▶ Task goal
Report back the lines in this listing that carry the string "with".

▶ Extracted entries

(* Fix $k\in\mathbb{N}$ and let $Q$ be a class of $k$-degenerate graphs (closed under isomorphism). Then $P_Q$ is weakly distinguishing.
   Context: All graphs are finite and simple. A graph is $k$-degenerate if every induced subgraph has a vertex of degree at most $k$. For a class $Q$, $P_Q(G;X)=\sum_{A\subseteq V(G):\, G[A]\in Q}X^{|A|}$, where $G[A]$ is the induced subgraph on $A$. A graph $G$ is $P$-unique if every graph $H$ with $P(G)=P(H)$ is isomorphic to $G$. With $\mathcal{G}(n)$ the set of isomorphism classes of graphs on $n$ vertices and $U_P(n)$ the $P$-unique graphs in $\mathcal{G}(n)$, $P$ is weakly distinguishing if $\lim_{n\to\infty}|U_P(n)|/|\mathcal{G}(n)|=0$. *)

From mathcomp Require Import all_boot all_order all_algebra.
From mathcomp Require Import fingroup perm boolp.
Set Implicit Arguments. Unset Strict Implicit. Unset Printing Implicit Defensive.
Import GRing.Theory Num.Theory.

Definition is_graph (T : finType) (e : rel T) : Prop :=
  symmetric e /\ irreflexive e.

Definition graph_iso (T1 T2 : finType) (e1 : rel T1) (e2 : rel T2) : Prop :=
  exists f : T1 -> T2, bijective f /\ forall x y, e2 (f x) (f y) = e1 x y.

Definition graph_class := forall T : finType, rel T -> bool.

Definition iso_closed (Q : graph_class) : Prop :=
  forall (T1 T2 : finType) (e1 : rel T1) (e2 : rel T2),
    is_graph e1 -> is_graph e2 -> graph_iso e1 e2 -> Q T1 e1 = Q T2 e2.

Definition induced (T : finType) (e : rel T) (A : {set T}) :
  rel {x : T | x \in A} := fun x y => e (val x) (val y).

Definition degenerate (k : nat) (T : finType) (e : rel T) : Prop :=
  forall A : {set T}, A != set0 ->
    exists2 x, x \in A & #|[set y in A | e x y]| <= k.

Definition PQ (Q : graph_class) (T : finType) (e : rel T) : {poly int} :=
  (\sum_(A : {set T} | Q _ (@induced T e A)) 'X^#|A|)%R.

Definition PQ_unique (Q : graph_class) (T : finType) (e : rel T) : Prop :=
  forall (T' : finType) (e' : rel T'), is_graph e' ->
    PQ Q e' = PQ Q e -> graph_iso e' e.

Definition lgraph (n : nat) := {ffun 'I_n * 'I_n -> bool}.
Definition lrel (n : nat) (g : lgraph n) : rel 'I_n := fun x y => g (x, y).
Definition graphs (n : nat) : {set lgraph n} :=
  [set g : lgraph n | [forall x, forall y, g (x, y) == g (y, x)]
                      && [forall x, ~~ g (x, x)]].
Definition liso (n : nat) (g h : lgraph n) : bool :=
  [exists p : {perm 'I_n}, [forall x, forall y, h (p x, p y) == g (x, y)]].

Definition iso_classes (n : nat) : {set {set lgraph n}} :=
  [set [set h in graphs n | liso g h] | g in graphs n].

Definition unique_classes (Q : graph_class) (n : nat) : {set {set lgraph n}} :=
  [set C in iso_classes n |
     `[< exists2 g, g \in C & PQ_unique Q (lrel g) >]].

Definition weakly_distinguishing (Q : graph_class) : Prop :=
  forall eps : rat, (0 < eps)%R -> exists N : nat, forall n, N <= n ->
    ((#|unique_classes Q n|%:R / #|iso_classes n|%:R) < eps)%R.

From mathcomp Require Import all_boot all_order all_algebra.
From mathcomp Require Import perm boolp zify lra.
Set Implicit Arguments. Unset Strict Implicit. Unset Printing Implicit Defensive.
Import Order.TTheory GRing.Theory Num.Theory.

(* Count labelled graphs on n vertices: there are at least 2^C(n,2) of them
   and an isomorphism class has at most n! members.  Let s = n/(4(k+1)) and
   m = s(k+1).  A graph with an induced Q-subgraph on at least m vertices
   contains an independent set of size s, because that subgraph is
   k-degenerate, and at most a fraction 2^n 2^-C(s,2) of all graphs has one.
   Any other graph has P_Q determined by its first m coefficients, each at
   most 2^n, so P_Q takes at most (2^n+1)^m values on such graphs, and
   P_Q-uniqueness makes the class of such a graph a function of that value.
   Both bounds are at most 2^C(n,2)/(n n!) once n >= (128 (k+1)^2)^2, so at
   most 2/n of the classes are P_Q-unique. *)

Lemma card_sets (T : finType) : #|{: {set T}}| = 2 ^ #|T|.
Proof. by rewrite -cardsT -card_powerset powersetT cardsT. Qed.

Lemma leq_card_bigcup (I T : finType) (P : pred I) (F : I -> {set T}) :
  #|\bigcup_(i | P i) F i| <= \sum_(i | P i) #|F i|.
Proof.
elim/big_rec2: _ => [|i U s _ IH]; first by rewrite cards0.
by rewrite cardsU (leq_trans (leq_subr _ _)) // leq_add2l.
Qed.

Lemma leq_card_imset_factor (A B C : finType) (D : {set A}) (f : A -> B) (h : A -> C) :
  {in D &, forall x y, f x = f y -> h x = h y} -> #|h @: D| <= #|f @: D|.
Proof.
move=> h_f; have [->|[x0 _]] := set_0Vmem D; first by rewrite !imset0 cards0.
pose h' z := h (odflt x0 [pick x in D | f x == z]).
suff sub : h @: D \subset h' @: (f @: D).
  exact: leq_trans (subset_leq_card sub) (leq_imset_card _ _).
apply/subsetP=> _ /imsetP[x xD ->]; apply/imsetP; exists (f x); first exact: imset_f.
rewrite /h'; case: pickP => [y /andP[yD /eqP fy]|/(_ x)]; last by rewrite xD eqxx.
by rewrite /= (h_f x y xD yD).
Qed.

Lemma degenerate_independent_set (T : finType) (e : rel T) k :
  is_graph e -> degenerate k e -> forall A : {set T}, exists I : {set T},
  [/\ I \subset A, {in I &, forall x y, ~~ e x y} & #|A| <= #|I| * k.+1].
Proof.
(* Greedily keep a vertex x of degree <= k in A, and recurse on A minus x and
   its neighbours. *)
move=> [e_sym e_irr] e_deg A; have [c] := ubnP #|A|; elim: c A => // c IH A Ac.
have [->|A0] := eqVneq A set0.
  by exists set0; split; rewrite ?sub0set ?cards0 // => x y; rewrite inE.
have [x xA deg_x] := e_deg A A0.
set N := [set y in A | e x y] in deg_x.
set A' := A :\: (x |: N).
have A'A : A' \subset A by apply: subsetDl.
have xA' : x \notin A' by rewrite !inE eqxx.
have A'c : #|A'| < c.
  rewrite -ltnS (leq_trans _ Ac) // ltnS.
  by apply: proper_card; apply/properP; split => //; exists x.
have [I [I_A' I_indep A'_I]] := IH A' A'c.
have x_I y : y \in I -> ~~ e x y.
  move=> /(subsetP I_A'); rewrite !inE negb_or => /andP[/andP[_ yN] yA].
  by move: yN; rewrite yA.
exists (x |: I); split.
- by rewrite subUset sub1set xA (subset_trans I_A' A'A).
- move=> u v; rewrite !inE => /orP[/eqP->|uI] /orP[/eqP->|vI].
  + by rewrite e_irr.
  + exact: x_I.
  + by rewrite e_sym x_I.
  + exact: I_indep.
- have xI : x \notin I by apply: contra xA'; apply: (subsetP I_A').
  rewrite cardsU1 xI mulSn -(cardsID (x |: N) A) -/A' leq_add //.
  apply: leq_trans (subset_leq_card (subsetIr _ _)) _.
  by rewrite cardsU1 addnC -addn1 leq_add // leq_b1.
Qed.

▶ Task output
   Context: All graphs are finite and simple. A graph is $k$-degenerate if every induced subgraph has a vertex of degree at most $k$. For a class $Q$, $P_Q(G;X)=\sum_{A\subseteq V(G):\, G[A]\in Q}X^{|A|}$, where $G[A]$ is the induced subgraph on $A$. A graph $G$ is $P$-unique if every graph $H$ with $P(G)=P(H)$ is isomorphic to $G$. With $\mathcal{G}(n)$ the set of isomorphism classes of graphs on $n$ vertices and $U_P(n)$ the $P$-unique graphs in $\mathcal{G}(n)$, $P$ is weakly distinguishing if $\lim_{n\to\infty}|U_P(n)|/|\mathcal{G}(n)|=0$. *)
   m = s(k+1).  A graph with an induced Q-subgraph on at least m vertices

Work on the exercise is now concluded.